# INSTRUCTIONS TO FOLLOW
Both the line containing "forall n, (N <= n)%N -> p n = false." and the line containing "Hence e^p ~t" belong to the span. Output exactly that span from the listing below, and nothing outside it.

# AVAILABLE DATA
(* Let $\mathcal S$ be a signed group and let $\mathbf e=(e_1,e_2,\dots)$ be a basic sequence in $\mathcal S$ (finite or countably infinite). Let $C=[c_{jk}]$ with $c_{jk}=c(e_j,e_k)$ be its AC-matrix (so $c_{jj}=1$) and let $D=[d_{jk}]$, $d_{jk}=(1-c_{jk})/2\in\{0,1\}$. Then for all finitary $0$-$1$ sequences $\mathbf p,\mathbf q$, \[ \mathbf e^{\mathbf p}\,\mathbf e^{\mathbf q}=(-1)^{\sum_{j\ge1}\sum_{k>j} d_{jk}\,p_k\,q_j}\;\mathbf e^{\mathbf p+\mathbf q}, \qquad \mathbf e^{\mathbf p+\mathbf q}:=\prod_{n} e_n^{p_n+q_n}\ \text{(ordered by increasing $n$)} . \] Moreover, writing $\langle\mathbf p\rangle=\sum_n p_n$ and $\mathbf p\mathbf q=(p_nq_n)$: (1) $\mathbf e^{\mathbf p}\circ\mathbf e^{\mathbf q}=(-1)^{(\langle C\mathbf p,\mathbf q\rangle-\langle\mathbf p\rangle\langle\mathbf q\rangle)/2}$; (2) if $\mathbf e$ is anticommutative, $\mathbf e^{\mathbf p}\circ\mathbf e^{\mathbf q}=(-1)^{\langle\mathbf p\rangle\langle\mathbf q\rangle-\langle\mathbf p\mathbf q\rangle}$; (3) if $\mathcal G\subset\mathcal S$ is a subgroup generated by a basic sequence of length at least $2$ such that any two elements of $\mathcal G\setminus\{\pm1\}$ that are not equal up to sign anticommute, then the generating sequence has length exactly $2$, i.e. $\mathcal G$ has order $8$; (4) if $\mathbf e$ is anticommutative and $p=\langle\mathbf p\rangle$, then the signature of $\mathbf e^{\mathbf p}$ is $(\mathbf e^{\mathbf p})^2=\big(\prod_n e_n^{2p_n}\big)(-1)^{p(p-1)/2}$; in particular, if $\mathbf e$ is positive then $\mathbf e^{\mathbf p}$ is negative iff $p\equiv 2$ or $p\equiv 3 \pmod 4$, and if $\mathbf e$ is negative then $\mathbf e^{\mathbf p}$ is negative iff $p\equiv 2$ or $p\equiv1\pmod 4$; (5) for an anticommutative $\mathbf e$ of length $n$, let $s_+$ (resp. $s_-$) denote the number of negative elements among $\{\mathbf e^{\mathbf p}:\mathbf p\in\{0,1\}^n\}$ when $\mathbf e$ is positive (resp. negative). Then $s_+=b_2+b_3$ and $s_-=b_1+b_2$, where $b_q=\sum_{j\ge0,\ q+4j\le n}\binom{n}{q+4j}$.
   Context: A signed group is a group $\mathcal S$ containing a central element $-1\neq1$ with $(-1)^2=1$ such that any two elements $e,f$ either commute ($ef=fe$) or anticommute ($ef=-fe$), and every element $e$ has signature $e^2\in\{1,-1\}$; $e$ is positive if $e^2=1$ and negative if $e^2=-1$, and a sequence is positive/negative (pure) if all its elements are. The commutativity function is $c(e,f)=e\circ f=1$ if $ef=fe$ and $-1$ if $ef=-fe$. For a sequence $\mathbf e=(e_n)$ and a finitary $0$-$1$ sequence $\mathbf p$ (i.e. $p_n\in\{0,1\}$, $p_n=0$ eventually), $\mathbf e^{\mathbf p}=e_1^{p_1}e_2^{p_2}\cdots$ with $e^0=1$, $e^1=e$. A sequence is basic if no $\mathbf e^{\mathbf p}$ with $\mathbf p\neq\mathbf 0$ equals $\pm1$. A sequence is anticommutative if any two distinct terms anticommute. *)

From HB Require Import structures.
From mathcomp Require Import all_boot all_algebra.
From Stdlib Require Import ClassicalEpsilon.
From Stdlib Require Lists.List.
Set Implicit Arguments. Unset Strict Implicit. Unset Printing Implicit Defensive.
Import GRing.Theory Num.Theory.
Local Open Scope ring_scope.

Record signed_group := SignedGroup {
  sg_car :> Type;
  sg_mul : sg_car -> sg_car -> sg_car;
  sg_one : sg_car;
  sg_inv : sg_car -> sg_car;
  sg_m1 : sg_car;
  sg_mulA : forall x y z, sg_mul x (sg_mul y z) = sg_mul (sg_mul x y) z;
  sg_mul1x : forall x, sg_mul sg_one x = x;
  sg_mulx1 : forall x, sg_mul x sg_one = x;
  sg_mulVx : forall x, sg_mul (sg_inv x) x = sg_one;
  sg_mulxV : forall x, sg_mul x (sg_inv x) = sg_one;
  sg_m1_neq1 : sg_m1 <> sg_one;
  sg_m1_sq : sg_mul sg_m1 sg_m1 = sg_one;
  sg_m1_central : forall x, sg_mul sg_m1 x = sg_mul x sg_m1;
  sg_comm_or_anti : forall x y,
    sg_mul x y = sg_mul y x \/ sg_mul x y = sg_mul sg_m1 (sg_mul y x);
  sg_signature : forall x, sg_mul x x = sg_one \/ sg_mul x x = sg_m1
}.

Arguments sg_mul {s}. Arguments sg_one {s}. Arguments sg_inv {s}. Arguments sg_m1 {s}.

(* Commutativity function c(x,y) = x o y in {1,-1} (as an integer). *)
Definition cfun (S : signed_group) (x y : S) : int :=
  if excluded_middle_informative (sg_mul x y = sg_mul y x) then 1 else -1.

Definition dfun (S : signed_group) (x y : S) : nat :=
  if cfun x y == 1 then 0%N else 1%N.

Definition m1pow (k : int) : int := if odd `|k|%N then -1 else 1.

Fixpoint pw (S : signed_group) (x : S) (k : nat) : S :=
  match k with 0%N => sg_one | k'.+1 => sg_mul (pw x k') x end.

Fixpoint eprodn (S : signed_group) (e : nat -> S) (k : nat -> nat) (N : nat) : S :=
  match N with
  | 0%N => sg_one
  | N'.+1 => sg_mul (eprodn e k N') (pw (e N') (k N'))
  end.

(* e^p for a 0-1 sequence p : nat -> bool, computed up to a bound N of its support *)
Definition eprod (S : signed_group) (e : nat -> S) (p : nat -> bool) (N : nat) : S :=
  eprodn e (fun n => nat_of_bool (p n)) N.

(* sequences of length L: L = None means countably infinite, L = Some m means
   indices 0..m-1 *)
Definition in_dom (L : option nat) (n : nat) : Prop :=
  match L with None => True | Some m => (n < m)%N end.

Definition supp_bound (p : nat -> bool) (N : nat) : Prop :=
  forall n, (N <= n)%N -> p n = false.

Definition fin01 (L : option nat) (p : nat -> bool) : Prop :=
  (exists N, supp_bound p N) /\ (forall n, p n = true -> in_dom L n).

Definition basic (S : signed_group) (e : nat -> S) (L : option nat) : Prop :=
  forall (p : nat -> bool) (N : nat), fin01 L p -> supp_bound p N ->
    (exists n, p n = true) -> eprod e p N <> sg_one /\ eprod e p N <> sg_m1.

Definition anticommutative (S : signed_group) (e : nat -> S) (L : option nat) : Prop :=
  forall j k, in_dom L j -> in_dom L k -> j <> k ->
    sg_mul (e j) (e k) = sg_mul sg_m1 (sg_mul (e k) (e j)).

Definition positive_seq (S : signed_group) (e : nat -> S) (L : option nat) : Prop :=
  forall n, in_dom L n -> sg_mul (e n) (e n) = sg_one.

Definition negative_seq (S : signed_group) (e : nat -> S) (L : option nat) : Prop :=
  forall n, in_dom L n -> sg_mul (e n) (e n) = sg_m1.

Inductive gen (S : signed_group) (g : nat -> S) (L : option nat) : S -> Prop :=
  | gen_one : gen g L sg_one
  | gen_g n : in_dom L n -> gen g L (g n)
  | gen_mul x y : gen g L x -> gen g L y -> gen g L (sg_mul x y)
  | gen_inv x : gen g L x -> gen g L (sg_inv x).

Definition len_ge2 (L : option nat) : Prop :=
  match L with None => True | Some m => (2 <= m)%N end.

Definition bq (n q : nat) : nat :=
  \sum_(j < n.+1 | (q + 4 * j <= n)%N) 'C(n, q + 4 * j).

Definition card_is (S : Type) (P : S -> Prop) (c : nat) : Prop :=
  exists l : list S, List.NoDup l /\ List.length l = c /\
    (forall x, List.In x l <-> P x).

From mathcomp Require Import all_boot all_algebra.
From Stdlib Require Lists.List.
Import GRing.Theory Num.Theory.
From mathcomp Require Import ring zify.
From Stdlib Require Import ClassicalEpsilon.
Set Implicit Arguments. Unset Strict Implicit. Unset Printing Implicit Defensive.

(* Write x ~t y ([comm_sgn x y t]) for x y = (-1)^t y x; t is additive in each
   argument.  Hence e^p ~t e^q with t = sum_k p_k sum_j d_kj q_j, which gives (1),
   since c = 1 - 2d, and (2).  Merging e^p e^q into e^(p+q) moves each factor of
   e^q only past the factors of e^p of larger index, which gives the main formula.
   For anticommutative e every pair of factors of e^p contributes one sign to
   (e^p)^2 = (-1)^C(|p|,2) prod_n e_n^(2 p_n), and the parity of C(k,2) is
   periodic mod 4: this is (4), and counting subsets by size gives (5).
   As e^p e^q = +-e^(p xor q) and squares are +-1, basicness makes
   (s, p) |-> (-1)^s e^p injective.  In (3) a third generator c would anticommute
   with a, b and ab, whereas anticommuting with a and b makes it commute with ab;
   with two generators, a b a^-1 b^-1 = -1 lies in G, so G = {+-e^p} has 2^3
   elements. *)

Local Notation "x · y" := (sg_mul x y) (at level 40, left associativity).
Local Notation m1 := sg_m1.

Lemma sum_triangle_recr (F : nat -> nat -> nat) N :
  \sum_(j < N.+1) \sum_(k < N.+1 | j < k) F j k =
  \sum_(j < N) \sum_(k < N | j < k) F j k + \sum_(j < N) F j N.
Proof.
rewrite big_ord_recr /= [X in _ + X]big_pred0 => [|k]; last by rewrite ltnNge -ltnS ltn_ord.
rewrite addn0 -big_split; apply: eq_bigr => j _.
by rewrite big_mkcond big_ord_recr /= -big_mkcond /= ltn_ord.
Qed.

Section SignedGroupTheory.
Variable S : signed_group.
Implicit Types x y z : S.

Lemma sg_mulgI x : injective (sg_mul x).
Proof.
by move=> y z /(congr1 (sg_mul (sg_inv x))); rewrite !sg_mulA sg_mulVx !sg_mul1x.
Qed.

Lemma sg_mulIg x : injective (sg_mul^~ x).
Proof.
by move=> y z /(congr1 (sg_mul^~ (sg_inv x))); rewrite -!sg_mulA sg_mulxV !sg_mulx1.
Qed.

Definition sgn (n : nat) : S := pw m1 n.

Lemma sgnE n : sgn n = if odd n then m1 else sg_one.
Proof.
elim: n => [|n IH] //=; rewrite /sgn /= -/(sgn n) IH.
by case: (odd n); rewrite ?sg_m1_sq ?sg_mul1x.
Qed.

Lemma sgn1 : sgn 1 = m1.
Proof. exact: sg_mul1x. Qed.

Lemma sgnD a b : sgn (a + b) = sgn a · sgn b.
Proof.
rewrite !sgnE oddD.
by case: (odd a); case: (odd b); rewrite /= ?sg_m1_sq ?sg_mul1x ?sg_mulx1.
Qed.

Lemma sgn_central a x : sgn a · x = x · sgn a.
Proof. by rewrite sgnE; case: (odd a); rewrite ?sg_m1_central ?sg_mul1x ?sg_mulx1. Qed.

Lemma sgn_odd a : sgn (odd a) = sgn a.
Proof. by rewrite !sgnE; case: (odd a). Qed.

Lemma sgn_inj a b : sgn a = sgn b -> odd a = odd b.
Proof.
by rewrite !sgnE; case: (odd a); case: (odd b) => //= h; case: (@sg_m1_neq1 S); rewrite h.
Qed.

# ANSWER SECTION
  forall n, (N <= n)%N -> p n = false.

Definition fin01 (L : option nat) (p : nat -> bool) : Prop :=
  (exists N, supp_bound p N) /\ (forall n, p n = true -> in_dom L n).

Definition basic (S : signed_group) (e : nat -> S) (L : option nat) : Prop :=
  forall (p : nat -> bool) (N : nat), fin01 L p -> supp_bound p N ->
    (exists n, p n = true) -> eprod e p N <> sg_one /\ eprod e p N <> sg_m1.

Definition anticommutative (S : signed_group) (e : nat -> S) (L : option nat) : Prop :=
  forall j k, in_dom L j -> in_dom L k -> j <> k ->
    sg_mul (e j) (e k) = sg_mul sg_m1 (sg_mul (e k) (e j)).

Definition positive_seq (S : signed_group) (e : nat -> S) (L : option nat) : Prop :=
  forall n, in_dom L n -> sg_mul (e n) (e n) = sg_one.

Definition negative_seq (S : signed_group) (e : nat -> S) (L : option nat) : Prop :=
  forall n, in_dom L n -> sg_mul (e n) (e n) = sg_m1.

Inductive gen (S : signed_group) (g : nat -> S) (L : option nat) : S -> Prop :=
  | gen_one : gen g L sg_one
  | gen_g n : in_dom L n -> gen g L (g n)
  | gen_mul x y : gen g L x -> gen g L y -> gen g L (sg_mul x y)
  | gen_inv x : gen g L x -> gen g L (sg_inv x).

Definition len_ge2 (L : option nat) : Prop :=
  match L with None => True | Some m => (2 <= m)%N end.

Definition bq (n q : nat) : nat :=
  \sum_(j < n.+1 | (q + 4 * j <= n)%N) 'C(n, q + 4 * j).

Definition card_is (S : Type) (P : S -> Prop) (c : nat) : Prop :=
  exists l : list S, List.NoDup l /\ List.length l = c /\
    (forall x, List.In x l <-> P x).

From mathcomp Require Import all_boot all_algebra.
From Stdlib Require Lists.List.
Import GRing.Theory Num.Theory.
From mathcomp Require Import ring zify.
From Stdlib Require Import ClassicalEpsilon.
Set Implicit Arguments. Unset Strict Implicit. Unset Printing Implicit Defensive.

(* Write x ~t y ([comm_sgn x y t]) for x y = (-1)^t y x; t is additive in each
   argument.  Hence e^p ~t e^q with t = sum_k p_k sum_j d_kj q_j, which gives (1),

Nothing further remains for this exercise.